## Work required
In the entries below, find each line with the word "eqxx" and return it.

○ ○ ○ ○ ○

(* Let $(V,g)$ be a 4-dimensional pseudo-Riemannian manifold whose metric in local coordinates $x=(x^1,x^2,x^3,x^4)$ on an open domain reads \[ ds^2=\Phi(x)\big[\Xi_1(dx^1)^2+\Xi_2(dx^2)^2+\Xi_3(dx^3)^2\big]+2\sum_{i=1}^3\beta_i(x)\,dx^idx^4+\Psi(x)(dx^4)^2, \] where $\Xi_i=\Xi_i(x^1,x^2,x^3)$, and $\Phi,\beta_i,\Psi,\Xi_i$ are $C^2$ functions with $\Phi,\Xi_1,\Xi_2,\Xi_3$ nowhere zero and the metric nondegenerate. Let $P^a{}_b$ be the orthogonal projector onto the tangent spaces of the hypersurfaces $x^4=\mathrm{const}$, whose nonzero components are $P^1{}_1=P^2{}_2=P^3{}_3=1$, $P^i{}_4=\beta_i/(\Phi\,\Xi_i)$ ($i=1,2,3$), and let $\Pi_{ab}=g_{ab}-P_{ab}$ (so $p=3$, $n=4$). Then \[ P^r{}_aP^s{}_bP^q{}_cT_{rsq}=0 . \]
   Context: Indices are raised and lowered with $g$. For a pair of smooth symmetric tensor fields $P_{ab}$, $\Pi_{ab}$ forming at each point orthogonal complementary projectors ($P_{ab}+\Pi_{ab}=g_{ab}$, $P_{aq}P^q{}_b=P_{ab}$, $\Pi_{aq}\Pi^q{}_b=\Pi_{ab}$, $P_{aq}\Pi^q{}_b=0$) with $p=P^a{}_a$, and $\nabla$ the Levi-Civita connection of $g$, define $M_{abc}=\nabla_bP_{ac}+\nabla_cP_{ab}-\nabla_aP_{bc}$, $E_a=M_{acb}P^{cb}$, $W_a=-M_{acb}\Pi^{cb}$, and $T_{abc}=M_{abc}+\frac{1}{n-p}W_a\Pi_{bc}-\frac1pE_aP_{bc}$. *)

(* Coordinates on an open domain of R^n are row
   vectors 'rV[R]_n; coordinate indices x^1..x^n are the ordinals 0..n-1. *)
From HB Require Import structures.
From mathcomp Require Import all_boot all_order all_algebra.
From mathcomp Require Import all_classical all_reals all_analysis.
Set Implicit Arguments. Unset Strict Implicit. Unset Printing Implicit Defensive.
Import Order.TTheory GRing.Theory Num.Theory.
Import numFieldNormedType.Exports.
Local Open Scope classical_set_scope.
Local Open Scope ring_scope.

Section TensorCalculus.
Variables (R : realType) (n : nat).
Local Notation pt := 'rV[R]_n.

Definition ebasis (i : 'I_n) : pt := delta_mx 0 i.
Definition partial (i : 'I_n) (f : pt -> R) (x : pt) : R := 'D_(ebasis i) f x.

Definition C1_on (U : set pt) (f : pt -> R) : Prop :=
  (forall x, U x -> {for x, continuous f}) /\
  (forall i x, U x -> derivable f x (ebasis i) /\ {for x, continuous (partial i f)}).
Definition C2_on (U : set pt) (f : pt -> R) : Prop :=
  C1_on U f /\ forall i, C1_on U (partial i f).

(* A metric g_ab is a matrix-valued field G; Pu x a b = P^a_b (mixed). *)
Variables (G : pt -> 'M[R]_n) (Pu : pt -> 'M[R]_n).

Definition ginv (x : pt) : 'M[R]_n := invmx (G x).

Definition Chr (x : pt) (c a b : 'I_n) : R :=
  2^-1 * \sum_(d < n) ginv x c d *
    (partial a (fun y => G y d b) x + partial b (fun y => G y d a) x
     - partial d (fun y => G y a b) x).

Definition Pdn (x : pt) (a b : 'I_n) : R := \sum_(q < n) G x a q * Pu x q b.
Definition Pidn (x : pt) (a b : 'I_n) : R := G x a b - Pdn x a b.
Definition Pupup (x : pt) (a b : 'I_n) : R :=
  \sum_(c < n) \sum_(d < n) ginv x a c * ginv x b d * Pdn x c d.
Definition Piupup (x : pt) (a b : 'I_n) : R :=
  \sum_(c < n) \sum_(d < n) ginv x a c * ginv x b d * Pidn x c d.
Definition ptrace (x : pt) : R := \sum_(a < n) Pu x a a.

(* nablaP x b a c = nabla_b P_ac *)
Definition nablaP (x : pt) (b a c : 'I_n) : R :=
  partial b (fun y => Pdn y a c) x
  - \sum_(d < n) (Chr x d b a * Pdn x d c + Chr x d b c * Pdn x a d).

Definition Mt (x : pt) (a b c : 'I_n) : R :=
  nablaP x b a c + nablaP x c a b - nablaP x a b c.
Definition Et (x : pt) (a : 'I_n) : R :=
  \sum_(c < n) \sum_(b < n) Mt x a c b * Pupup x c b.
Definition Wt (x : pt) (a : 'I_n) : R :=
  - \sum_(c < n) \sum_(b < n) Mt x a c b * Piupup x c b.
Definition Tt (x : pt) (a b c : 'I_n) : R :=
  Mt x a b c + (n%:R - ptrace x)^-1 * Wt x a * Pidn x b c
  - (ptrace x)^-1 * Et x a * Pdn x b c.

End TensorCalculus.

Section Metric4.
Variable R : realType.
Local Notation pt := 'rV[R]_4.
Variables (Phi Psi : pt -> R) (beta Xi : 'I_3 -> pt -> R).

(* indices 0,1,2 <-> x^1,x^2,x^3 ; ord_max = 3 <-> x^4 *)
Definition gmetric (x : pt) : 'M[R]_4 := \matrix_(a, b)
  match unlift ord_max a, unlift ord_max b with
  | Some i, Some j => if i == j then Phi x * Xi i x else 0
  | Some i, None => beta i x
  | None, Some j => beta j x
  | None, None => Psi x
  end.

Definition Pmixed (x : pt) : 'M[R]_4 := \matrix_(a, b)
  match unlift ord_max a, unlift ord_max b with
  | Some i, Some j => if i == j then 1 else 0
  | Some i, None => beta i x / (Phi x * Xi i x)
  | None, _ => 0
  end.
End Metric4.

From HB Require Import structures.
From mathcomp Require Import all_boot all_order all_algebra.
From mathcomp Require Import all_classical all_reals all_analysis.
From mathcomp Require Import ring.
Set Implicit Arguments. Unset Strict Implicit. Unset Printing Implicit Defensive.
Import Order.TTheory GRing.Theory Num.Theory.
Import numFieldNormedType.Exports.
Local Open Scope classical_set_scope.
Local Open Scope ring_scope.

(* For the hypersurfaces x^4 = const the projector satisfies P^4_a = 0 and
   P^q_j = delta^q_j for spatial j, so P_ab = g_ab as soon as one index is
   spatial.  For spatial r, q the covariant derivative nabla_b P_rq therefore
   reduces to nabla_b g_rq, which vanishes by metric compatibility; hence M
   vanishes on spatial indices.  E_r vanishes as well since P^{4b} = 0, and
   Pi_sq = 0 for spatial s, q.  As P^r_a = 0 for r = 4, only the spatial
   components of T enter the projection, and they are all zero. *)

Section LeviCivita.
Variables (R : realType) (n : nat) (G : 'rV[R]_n -> 'M[R]_n).
Hypothesis G_sym : forall y a b, G y a b = G y b a.

Lemma partial_metricC i a b x :
  partial i (fun y => G y a b) x = partial i (fun y => G y b a) x.
Proof. by congr (partial i _ x); apply: funext => y; rewrite G_sym. Qed.

Lemma metric_ginv_contract x (F : 'I_n -> R) q : G x \in unitmx ->
  \sum_(d < n) G x q d * \sum_(e < n) ginv G x d e * F e = F q.
Proof.
move=> Gx_unit.
have := congr1 (fun v : 'cV_n => v q 0) (mulKVmx Gx_unit (\col_e F e)).
rewrite !mxE => <-; apply: eq_bigr => d _; rewrite mxE; congr (_ * _).
by apply: eq_bigr => e _; rewrite mxE.
Qed.

Lemma Chr_lower x b r q : G x \in unitmx ->
  \sum_(d < n) Chr G x d b r * G x d q =
  2^-1 * (partial b (fun y => G y q r) x + partial r (fun y => G y q b) x
          - partial q (fun y => G y b r) x).
Proof.
move=> Gx_unit; rewrite -[in RHS](metric_ginv_contract (fun e =>
  partial b (fun y => G y e r) x + partial r (fun y => G y e b) x
  - partial e (fun y => G y b r) x) q Gx_unit) mulr_sumr.
by apply: eq_bigr => d _; rewrite /Chr G_sym -mulrA [_ * G x q d]mulrC.
Qed.

Lemma metric_compatible x b r q : G x \in unitmx ->
  partial b (fun y => G y r q) x =
  \sum_(d < n) (Chr G x d b r * G x d q + Chr G x d b q * G x r d).
Proof.
move=> Gx_unit; rewrite big_split /=.
rewrite [X in _ + X](eq_bigr (fun d => Chr G x d b q * G x d r)); last first.
  by move=> d _; rewrite G_sym.
rewrite !Chr_lower // (partial_metricC r q b) (partial_metricC b q r).
rewrite (partial_metricC b r q) (partial_metricC q r b).
rewrite -mulrDr; set A := partial b _ x; set B := partial r _ x; set C := partial q _ x.
have -> : A + B - C + (A + C - B) = 2 * A by ring.
by rewrite mulrA mulVf ?pnatr_eq0 ?mul1r.
Qed.

End LeviCivita.

Section AdaptedProjector.
Variables (R : realType) (n : nat) (G P : 'rV[R]_n.+1 -> 'M[R]_n.+1).
Hypothesis G_sym : forall y a b, G y a b = G y b a.
Hypothesis P_spatial_col : forall y a b, b != ord_max -> P y a b = (a == b)%:R.

Lemma Pdn_spatial_col y a b : b != ord_max -> Pdn G P y a b = G y a b.
Proof.
move=> b_spatial; rewrite /Pdn (bigD1 b) //= P_spatial_col // eqxx mulr1.
rewrite big1 ?addr0 // => d /negbTE d_neq_b.
by rewrite P_spatial_col // d_neq_b mulr0.
Qed.

Variable x : 'rV[R]_n.+1.
Hypothesis G_unit : G x \in unitmx.
Hypothesis P_last_row : forall c, P x ord_max c = 0.
Hypothesis Pdn_sym : forall a b, Pdn G P x a b = Pdn G P x b a.

Lemma Pdn_spatial_row a b : a != ord_max -> Pdn G P x a b = G x a b.
Proof. by move=> a_spatial; rewrite Pdn_sym Pdn_spatial_col // G_sym. Qed.

Lemma nablaP_spatial b r q : r != ord_max -> q != ord_max ->
  nablaP G P x b r q = 0.
Proof.
move=> r_spatial q_spatial; rewrite /nablaP.
have -> : (fun y => Pdn G P y r q) = (fun y => G y r q).
  by apply: funext => y; rewrite Pdn_spatial_col.
under eq_bigr do rewrite Pdn_spatial_col // Pdn_spatial_row //.
by rewrite -metric_compatible ?subrr.
Qed.

Lemma Mt_spatial r s q : r != ord_max -> s != ord_max -> q != ord_max ->
  Mt G P x r s q = 0.
Proof. by move=> *; rewrite /Mt !nablaP_spatial // addr0 subr0. Qed.

Lemma ginv_Pdn a d : \sum_(c < n.+1) ginv G x a c * Pdn G P x c d = P x a d.
Proof.
have := congr1 (fun M : 'M[R]_n.+1 => M a d) (mulKmx G_unit (P x)).
rewrite mxE => <-; apply: eq_bigr => c _.
by rewrite /Pdn mxE.
Qed.

Lemma Pupup_last b : Pupup G P x ord_max b = 0.
Proof.
rewrite /Pupup exchange_big big1 //= => d _.
under eq_bigr do rewrite mulrAC.
by rewrite -mulr_suml ginv_Pdn P_last_row mul0r.
Qed.

Lemma Pupup_sym a b : Pupup G P x a b = Pupup G P x b a.
Proof.
rewrite /Pupup exchange_big /=; apply: eq_bigr => c _; apply: eq_bigr => d _.
by rewrite [ginv G x b c * _]mulrC Pdn_sym.
Qed.

Lemma Et_spatial r : r != ord_max -> Et G P x r = 0.
Proof.
move=> r_spatial; rewrite /Et big1 // => c _; rewrite big1 // => b _.
have [->|c_spatial] := eqVneq c ord_max; first by rewrite Pupup_last mulr0.
have [->|b_spatial] := eqVneq b ord_max.
  by rewrite Pupup_sym Pupup_last mulr0.
by rewrite Mt_spatial // mul0r.
Qed.

Lemma Tt_spatial r s q : r != ord_max -> s != ord_max -> q != ord_max ->
  Tt G P x r s q = 0.
Proof.
move=> r_spatial s_spatial q_spatial.
rewrite /Tt Mt_spatial // Et_spatial // /Pidn Pdn_spatial_col //; ring.
Qed.

Lemma projected_Tt_eq0 a b c :
  \sum_(r < n.+1) \sum_(s < n.+1) \sum_(q < n.+1)
    P x r a * P x s b * P x q c * Tt G P x r s q = 0.
Proof.
apply: big1 => r _; apply: big1 => s _; apply: big1 => q _.
have [->|r_spatial] := eqVneq r ord_max; first by rewrite P_last_row !mul0r.
have [->|s_spatial] := eqVneq s ord_max; first by rewrite P_last_row mulr0 !mul0r.
have [->|q_spatial] := eqVneq q ord_max; first by rewrite P_last_row mulr0 mul0r.
by rewrite Tt_spatial // mulr0.
Qed.

End AdaptedProjector.

Section Metric4.
Variables (R : realType) (Phi Psi : 'rV[R]_4 -> R) (beta Xi : 'I_3 -> 'rV[R]_4 -> R).
Local Notation G := (gmetric Phi Psi beta Xi).
Local Notation P := (Pmixed Phi beta Xi).

Lemma gmetric_sym y a b : G y a b = G y b a.
Proof.
rewrite !mxE; case: (unlift ord_max a) => [i|]; case: (unlift ord_max b) => [j|] //.
by rewrite eq_sym; case: eqP => // ->.
Qed.

Lemma Pmixed_last_row y c : P y ord_max c = 0.
Proof. by rewrite mxE unlift_none. Qed.

Lemma Pmixed_spatial_col y a b : b != ord_max -> P y a b = (a == b)%:R.
Proof.
case: (unliftP ord_max b) => [j ->|->] b_spatial; last by rewrite eqxx in b_spatial.
case: (unliftP ord_max a) => [i ->|->].
  by rewrite mxE !liftK (inj_eq lift_inj); case: eqP.
by rewrite Pmixed_last_row (negbTE (neq_lift _ _)).
Qed.

Lemma Pdn_Pmixed_last_col y i : Phi y * Xi i y != 0 ->
  Pdn G P y (lift ord_max i) ord_max = G y (lift ord_max i) ord_max.
Proof.
move=> PhiXi_neq0; rewrite /Pdn (bigD1 (lift ord_max i)) //= big1 ?addr0.
  by rewrite !mxE !liftK unlift_none eqxx mulrC divfK.
move=> d; case: (unliftP ord_max d) => [k ->|->] d_neq.
  rewrite !mxE !liftK; case: eqVneq => [eik|_]; last by rewrite mul0r.
  by rewrite eik eqxx in d_neq.
by rewrite Pmixed_last_row mulr0.
Qed.

Lemma Pdn_Pmixed_sym y : (forall i, Phi y * Xi i y != 0) ->
  forall a b, Pdn G P y a b = Pdn G P y b a.
Proof.
move=> PhiXi_neq0.
have Pdn_col := @Pdn_spatial_col _ _ G P Pmixed_spatial_col y.
have Pdn_row a b : a != ord_max -> Pdn G P y a b = G y a b.
  case: (unliftP ord_max a) => [i ->|->] a_spatial; last by rewrite eqxx in a_spatial.
  have [->|b_spatial] := eqVneq b ord_max; first exact: Pdn_Pmixed_last_col.
  exact: Pdn_col.
move=> a b; have [->|a_spatial] := eqVneq a ord_max.
  have [->//|b_spatial] := eqVneq b ord_max.
  by rewrite Pdn_col // Pdn_row // gmetric_sym.
by rewrite Pdn_row // Pdn_col // gmetric_sym.
Qed.

End Metric4.

Theorem mainTheorem13 (R : realType) (U : set 'rV[R]_4)
  (Phi Psi : 'rV[R]_4 -> R) (beta Xi : 'I_3 -> 'rV[R]_4 -> R) :
  open U ->
  C2_on U Phi -> C2_on U Psi ->
  (forall i, C2_on U (beta i)) -> (forall i, C2_on U (Xi i)) ->
  (forall x, U x -> Phi x != 0) ->
  (forall i x, U x -> Xi i x != 0) ->
  (* Xi_i depends only on (x^1, x^2, x^3) *)
  (forall i x y, U x -> U y -> (forall j : 'I_4, j != ord_max -> x 0 j = y 0 j) ->
     Xi i x = Xi i y) ->
  (* nondegenerate metric *)
  (forall x, U x -> \det (gmetric Phi Psi beta Xi x) != 0) ->
  forall x, U x -> forall a b c : 'I_4,
    \sum_(r < 4) \sum_(s < 4) \sum_(q < 4)
      Pmixed Phi beta Xi x r a * Pmixed Phi beta Xi x s b * Pmixed Phi beta Xi x q c *
      Tt (gmetric Phi Psi beta Xi) (Pmixed Phi beta Xi) x r s q = 0.
Proof.
move=> _ _ _ _ _ Phi_neq0 Xi_neq0 _ det_neq0 x Ux a b c.
have PhiXi_neq0 i : Phi x * Xi i x != 0 by rewrite mulf_neq0 ?Phi_neq0 ?Xi_neq0.
apply: projected_Tt_eq0.
- exact: gmetric_sym.
- exact: Pmixed_spatial_col.
- by rewrite unitmxE unitfE det_neq0.
- exact: Pmixed_last_row.
- exact: Pdn_Pmixed_sym.
Qed.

○ ○ ○ ○ ○

## Written answer
move=> b_spatial; rewrite /Pdn (bigD1 b) //= P_spatial_col // eqxx mulr1.
case: (unliftP ord_max b) => [j ->|->] b_spatial; last by rewrite eqxx in b_spatial.
  by rewrite !mxE !liftK unlift_none eqxx mulrC divfK.
  by rewrite eik eqxx in d_neq.
  case: (unliftP ord_max a) => [i ->|->] a_spatial; last by rewrite eqxx in a_spatial.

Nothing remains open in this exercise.